- Born: 1978 (age 47–48) Dubai
- Occupations: Cartoonist and Director

= Mohammed Saeed Harib =

Emirati animator (born 1978)

Mohammed Saeed Harib (محمد سعيد حارب; born in 1978, in Dubai) is an animator from the United Arab Emirates, accredited as the creator and producer of FREEJ; an animated UAE cartoon series. Harib is a Northeastern University graduate, majoring in General Arts and Animation, and holds the distinction as the first 3D cartoon animator from the Middle East.

Harib recently directed FREEJ FOLKLORE, the largest Arabic theatrical production in the region. FREEJ FOLKLORE marks a new era in the entertainment industry through Harib’s introduction of innovative approach that combined magnificent art with highly sophisticated
technical tools. The show is set to tour the region after the great success it saw in the United Arab Emirates.

==Family==
Mohammed Saeed Harib is the son of Saeed Harib, the Managing Director of Dubai International Marine Sports (DIMC), and the Chairman of the World Professional Powerboat Association (WPPA). Harib’s mother died when he was a child. Harib’s sister is Shamsa Harib who also works in the media industry.

==Education & Career==
At the beginning, Harib was studying architecture in Northeastern University in Boston because it was a common desire between him and his father. Harib failed his first year and that led him to explore other majors. After taking few courses in Arts and getting good marks in them, Harib decided to change his major to General Arts and Animation. Harib’s father did not mind this change, even though Animation back then was not a well-established field in the Middle East. According to Harib, "animation was considered taboo in my culture when I first studied it. However my father was an open-minded person and he used to say: 'Study what makes you happy'”.

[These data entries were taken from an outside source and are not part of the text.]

Lemma size_words n : size (words n) = k ^ n.
Proof. by elim: n => [|n IH] //=; rewrite size_allpairs size_enum_ord IH expnS. Qed.

Lemma big_words_cons n (F : seq 'I_k -> nat) :
  \sum_(w <- words n.+1) F w = \sum_(c <- enum 'I_k) \sum_(w <- words n) F (c :: w).
Proof. exact: big_allpairs_dep. Qed.

Lemma big_words_cat p q (F : seq 'I_k -> nat) :
  \sum_(w <- words (p + q)) F w = \sum_(x <- words p) \sum_(y <- words q) F (x ++ y).
Proof.
elim: p F => [|p IH] F; first by rewrite big_seq1.
by rewrite addSn !big_words_cons; apply: eq_bigr => c _; rewrite IH.
Qed.

Definition n_unbordered a : nat := count (@unbordered 'I_k) (words a).

Lemma sum_min_border n a (f : seq 'I_k -> nat) : 0 < a -> a.*2 <= n ->
  \sum_(w <- words n) (min_border w == a) * f (strip a w) =
  n_unbordered a * \sum_(m <- words (n - a.*2)) f m.
Proof.
move=> a_gt0 a_le; rewrite {1}(_ : n = a + (n - a.*2 + a)); last lia.
rewrite big_words_cat /n_unbordered -sum_count big_distrl [RHS]big_seq [LHS]big_seq /=.
apply: eq_bigr => u; rewrite mem_words => /eqP size_u.
rewrite big_words_cat big_distrr /=; apply: eq_bigr => m _.
transitivity (\sum_(z <- words a) (z == u) * (unbordered u * f m)).
  rewrite !big_seq; apply: eq_bigr => z; rewrite mem_words => /eqP size_z.
  rewrite -size_u min_border_cat ?strip_cat ?size_z ?size_u //.
  by rewrite mulnA mulnb.
rewrite (bigD1_seq u) ?words_uniq ?mem_words ?size_u //= eqxx mul1n.
by rewrite big1 ?addn0 // => z /negbTE ->.
Qed.

Definition total_width n : nat := \sum_(w <- words n) greedy_width w.
(* Let $\nu\ge1$, $d:\mathbb{Z}^\nu\to\mathbb{C}$ bounded, $J=J_0+D$ on $\ell^2(\mathbb{Z}^\nu)$, and let $u\in\ell^2(\mathbb{Z}^\nu)$, $u\ne0$, satisfy $Ju=\lambda u$ for some $\lambda\in\mathbb{C}$. Then for every $j\in\{1,\dots,\nu\}$, $$\sup\{k_j: k\in\operatorname{supp}(u)\}=\infty\quad\text{and}\quad\inf\{k_j:k\in\operatorname{supp}(u)\}=-\infty,$$ where $k_j$ denotes the $j$-th component of $k\in\mathbb{Z}^\nu$ and $\operatorname{supp}(u)=\{k\in\mathbb{Z}^\nu:u(k)\ne0\}$.
   Context: $J_0$ is the discrete Laplacian on $\ell^2(\mathbb{Z}^\nu)$: $(J_0u)(k)=\sum_{l\in\mathbb{Z}^\nu:\|l\|_1=1}u(k+l)$, where $\|l\|_1=\sum_{j=1}^\nu|l_j|$. $D$ is multiplication by the bounded function $d$, $(Du)(k)=d(k)u(k)$. *)

From HB Require Import structures.
From mathcomp Require Import all_boot all_order all_algebra.
From Stdlib Require Import Reals.
Set Implicit Arguments. Unset Strict Implicit. Unset Printing Implicit Defensive.
Import Order.TTheory GRing.Theory Num.Theory.

Definition Cx : Type := (R * R)%type.
Definition C0 : Cx := (R0, R0).
Definition Cadd (z w : Cx) : Cx := (Rplus z.1 w.1, Rplus z.2 w.2).
Definition Cmul (z w : Cx) : Cx :=
  (Rminus (Rmult z.1 w.1) (Rmult z.2 w.2), Rplus (Rmult z.1 w.2) (Rmult z.2 w.1)).
Definition Cnorm2 (z : Cx) : R := Rplus (Rmult z.1 z.1) (Rmult z.2 z.2).

Definition lattice (nu : nat) : Type := {ffun 'I_nu -> int}.

(* Note: Posz 1 = 1 and Negz 0 = -1 in int.
   k + s * e_j, where e_j is the j-th standard unit vector. *)
Definition shift (nu : nat) (k : lattice nu) (j : 'I_nu) (s : int) : lattice nu :=
  [ffun i => GRing.add (k i) (if i == j then s else Posz 0)].

(* Discrete Laplacian: (J0 u)(k) = sum_{||l||_1 = 1} u(k+l); the vectors
   l in Z^nu with ||l||_1 = 1 are exactly +e_j and -e_j, j < nu. *)
Definition J0 (nu : nat) (u : lattice nu -> Cx) (k : lattice nu) : Cx :=
  foldr (fun j acc => Cadd (Cadd (u (shift k j (Posz 1))) (u (shift k j (Negz 0)))) acc)
        C0 (enum 'I_nu).

Definition Jop (nu : nat) (d : lattice nu -> Cx) (u : lattice nu -> Cx)
  (k : lattice nu) : Cx := Cadd (J0 u k) (Cmul (d k) (u k)).

Definition bounded_fun (nu : nat) (d : lattice nu -> Cx) : Prop :=
  exists M : R, forall k, Rle (Cnorm2 (d k)) M.

Definition in_l2 (nu : nat) (u : lattice nu -> Cx) : Prop :=
  exists M : R, forall s : seq (lattice nu), uniq s ->
    Rle (foldr (fun k acc => Rplus (Cnorm2 (u k)) acc) R0 s) M.

(* Unique continuation in one coordinate direction for J = J0 + D.

   Fix a direction j and a sign s in {1, -1}.  Suppose an eigenfunction u of
   J vanishes on the half-space  s * k_j > B.  Take a point k on the boundary
   layer  s * k_j = B  and put  k' = k + s e_j, which lies in the half-space.
   Evaluating  (J u)(k') = lambda u(k')  there, every term vanishes except
   u(k' - s e_j) = u(k): the neighbours k' +- e_i (i <> j) and k' + s e_j all
   lie in the half-space.  Hence u(k) = 0, so u vanishes on  s * k_j > B - 1.
   Iterating this layer-peeling step, an eigenfunction whose support is
   bounded in the direction s e_j vanishes identically.  Taking s = 1 and
   s = -1 gives the two halves of the theorem. *)
From HB Require Import structures.
From mathcomp Require Import all_boot all_order all_algebra.
From Stdlib Require Import Reals Classical.
From mathcomp Require Import zify.
Import Order.TTheory GRing.Theory Num.Theory.
Local Open Scope ring_scope.

Lemma Cadd0l (z : Cx) : Cadd C0 z = z.
Proof. by case: z => a b; rewrite /Cadd /C0 /=; f_equal; ring. Qed.

Lemma Cadd0r (z : Cx) : Cadd z C0 = z.
Proof. by case: z => a b; rewrite /Cadd /C0 /=; f_equal; ring. Qed.

Lemma Cmul0r (z : Cx) : Cmul z C0 = C0.
Proof. by case: z => a b; rewrite /Cmul /C0 /=; f_equal; ring. Qed.

Lemma foldr_Cadd_single (I : eqType) (f : I -> Cx) (j : I) (s : seq I) :
  uniq s -> j \in s -> (forall i, i != j -> f i = C0) ->
  foldr (fun i acc => Cadd (f i) acc) C0 s = f j.
Proof.
move=> us js f0.
have sum0 (t : seq I) : j \notin t -> foldr (fun i acc => Cadd (f i) acc) C0 t = C0.
  elim: t => [|a t IH] //=; rewrite inE negb_or => /andP [ja jt].
  by rewrite f0 1?eq_sym // Cadd0l IH.
elim: s us js => [|a s IH] //= /andP [as_ us]; rewrite inE.
case: (eqVneq j a) => [ja _ | ja /= js]; first by rewrite -ja sum0 ?Cadd0r // ja.
by rewrite f0 1?eq_sym // Cadd0l IH.
Qed.

Lemma shift_at nu (k : lattice nu) j s : shift k j s j = k j + s.
Proof. by rewrite /shift ffunE eqxx. Qed.

Lemma shift_off nu (k : lattice nu) j s i : i != j -> shift k j s i = k i.
Proof. by move=> ij; rewrite /shift ffunE (negbTE ij) addr0. Qed.

Lemma shiftD nu (k : lattice nu) j a b : shift (shift k j a) j b = shift k j (a + b).
Proof.
apply/ffunP => i; rewrite /shift !ffunE.
by case: (i == j); rewrite ?addrA ?addr0.
Qed.

Lemma shift0 nu (k : lattice nu) j : shift k j 0 = k.
Proof. by apply/ffunP => i; rewrite /shift ffunE; case: (i == j); rewrite addr0. Qed.

Lemma J0_axis nu (u : lattice nu -> Cx) (k : lattice nu) (j : 'I_nu) :
  (forall i, i != j -> u (shift k i 1) = C0 /\ u (shift k i (-1)) = C0) ->
  J0 u k = Cadd (u (shift k j 1)) (u (shift k j (-1))).
Proof.
move=> off; rewrite /J0.
apply: (@foldr_Cadd_single _ (fun i => Cadd (u (shift k i 1)) (u (shift k i (-1))))).
- exact: enum_uniq.
- by rewrite mem_enum.
- by move=> i /off [-> ->]; rewrite Cadd0l.
Qed.

Section UniqueContinuation.

Variables (nu : nat) (d u : lattice nu -> Cx) (lambda : Cx).
Hypothesis heig : forall k, Jop d u k = Cmul lambda (u k).
Variables (j : 'I_nu) (s : int).
Hypothesis hs : s = 1 \/ s = -1.

Let s2 : s * s = 1.
Proof. by case: hs => ->. Qed.

Lemma layer_vanish (B : int) :
  (forall k : lattice nu, B < s * k j -> u k = C0) ->
  forall k : lattice nu, s * k j = B -> u k = C0.
Proof.
move=> half k kB.
set k' := shift k j s.
have k'j : s * k' j = B + 1 by rewrite shift_at mulrDr s2 kB.
have inside (l : lattice nu) : s * l j = B + 1 -> u l = C0.
  by move=> lj; apply: half; rewrite lj; lia.
have off i : i != j -> u (shift k' i 1) = C0 /\ u (shift k' i (-1)) = C0.
  by move=> ij; split; apply: inside; rewrite shift_off 1?eq_sym.
have axis : Cadd (u (shift k' j 1)) (u (shift k' j (-1))) = u k.
  have beyond : u (shift k' j s) = C0.
    by apply: half; rewrite shift_at mulrDr s2 k'j; lia.
  have back : shift k' j (- s) = k by rewrite shiftD subrr shift0.
  by case: hs beyond back => -> ->; rewrite ?opprK => ->; rewrite ?Cadd0l ?Cadd0r.
have := heig k'; rewrite /Jop (inside k' k'j) !Cmul0r Cadd0r (@J0_axis _ _ _ j off).
by rewrite axis.
Qed.

Lemma bounded_support_vanish (N : int) :
  (forall k : lattice nu, u k <> C0 -> s * k j <= N) -> forall k, u k = C0.
Proof.
move=> bnd.
have peel (n : nat) : forall k : lattice nu, u k <> C0 -> s * k j <= N - n%:Z.
  elim: n => [|n IH] k uk; first by rewrite subr0; apply: bnd.
  have half (l : lattice nu) : N - n%:Z < s * l j -> u l = C0.
    by move=> lt; apply: NNPP => ul; have := IH _ ul; lia.
  have := IH _ uk; case: (eqVneq (s * k j) (N - n%:Z)) => [e | ne le]; last by lia.
  by case: uk; apply: layer_vanish half k e.
move=> k; apply: NNPP => uk.
pose gap : int := N - s * k j.
by have := peel (absz gap).+1 k uk; rewrite /gap; lia.
Qed.

Lemma support_unbounded : (exists k, u k <> C0) ->
  forall N : int, exists k : lattice nu, u k <> C0 /\ N < s * k j.
Proof.
move=> [k0 uk0] N; apply: NNPP => none; apply: uk0.
apply: (bounded_support_vanish N) => k uk; rewrite leNgt.
by apply/negP => lt; apply: none; exists k.
Qed.

End UniqueContinuation.

Lemma support_unbounded_above nu (d u : lattice nu -> Cx) (lambda : Cx)
  (heig : forall k, Jop d u k = Cmul lambda (u k)) (j : 'I_nu) :
  (exists k, u k <> C0) -> forall N : int, exists k : lattice nu, u k <> C0 /\ N < k j.
Proof.
move=> hu0 N; have [k [uk lt]] := @support_unbounded _ _ _ _ heig j _ (or_introl erefl) hu0 N.
by exists k; rewrite mul1r in lt.
Qed.

Lemma support_unbounded_below nu (d u : lattice nu -> Cx) (lambda : Cx)
  (heig : forall k, Jop d u k = Cmul lambda (u k)) (j : 'I_nu) :
  (exists k, u k <> C0) -> forall N : int, exists k : lattice nu, u k <> C0 /\ k j < N.
Proof.
move=> hu0 N; have [k [uk lt]] := @support_unbounded _ _ _ _ heig j _ (or_intror erefl) hu0 (- N).
by exists k; rewrite mulN1r ltrN2 in lt.
Qed.

Local Close Scope ring_scope.

Theorem mainTheorem4 (nu : nat) (hnu : (0 < nu)%N)
  (d : lattice nu -> Cx) (hd : bounded_fun d)
  (u : lattice nu -> Cx) (hu : in_l2 u) (hu0 : exists k, u k <> C0)
  (lambda : Cx) (heig : forall k, Jop d u k = Cmul lambda (u k)) :
  forall j : 'I_nu,
    (forall N : int, exists k : lattice nu, u k <> C0 /\ (N < k j)%O) /\
    (forall N : int, exists k : lattice nu, u k <> C0 /\ (k j < N)%O).
Proof.
move=> j; split.
- exact: support_unbounded_above heig j hu0.
- exact: support_unbounded_below heig j hu0.
Qed.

FREEJ characters were part of Harib’s sketch book since 1998. These characters became famous cartoon characters when Harib finished his studies and went back to his home country; UAE. The CEO of Dubai Media City engorged Harib to explore ways that can turn these sketches into reality presented in a cartoon show. It was challenging because the Animation industry did not exist in UAE and the project required financial support. According to Harib, “Not only did I have to find backing to fund it, I had to persuade people here that it was something that could work".

Harib offered his project to Sheikh Mohammed bin Rashid Establishment for Young Business Leaders Organization to get financial support. It took 3–4 years until the offer got accepted, because it was considered as a risky investment. In 2005, Harib established Lammtara Pictures and FREEJ was the first project of this company. Harib worked with 500 people in two different countries on this project. The first episode of FREEJ was presented in 2006 and gained popularity that is compared to the popularity of The Simpsons. The show continued for the next two years and it received important awards and high ranks.

Harib contributions were not limited to the Animation Field. Harib was the host of a photography show called Akes. Harib also created few logos for Dubai city, the most famous one is the logo of Dubai International Film Festival. Besides that, Harib directed FREEJ FOLKLORE, ‘the largest Arabic theatrical production in the region, which talks about history, culture and traditions’. Recently, Harib has been working on filming an animated documentary called Al Naby (The Prophet) with Roger Allers; the director of The Lion King, and Salma Hayek.

==Awards==
Harib won a number of important awards until this day like Majid Bin Mohammed Youth Media Award in 2011 and the Muhr Award for the category of best Emirati talent in 2007, in the International Dubai Festival. Also Harib won the title of “Young CEO of the Year” from the CEO Middle East magazine in 2008, and the “World’s Most Influential Arabs” from the Arabian Business magazine from 2008 to 2012.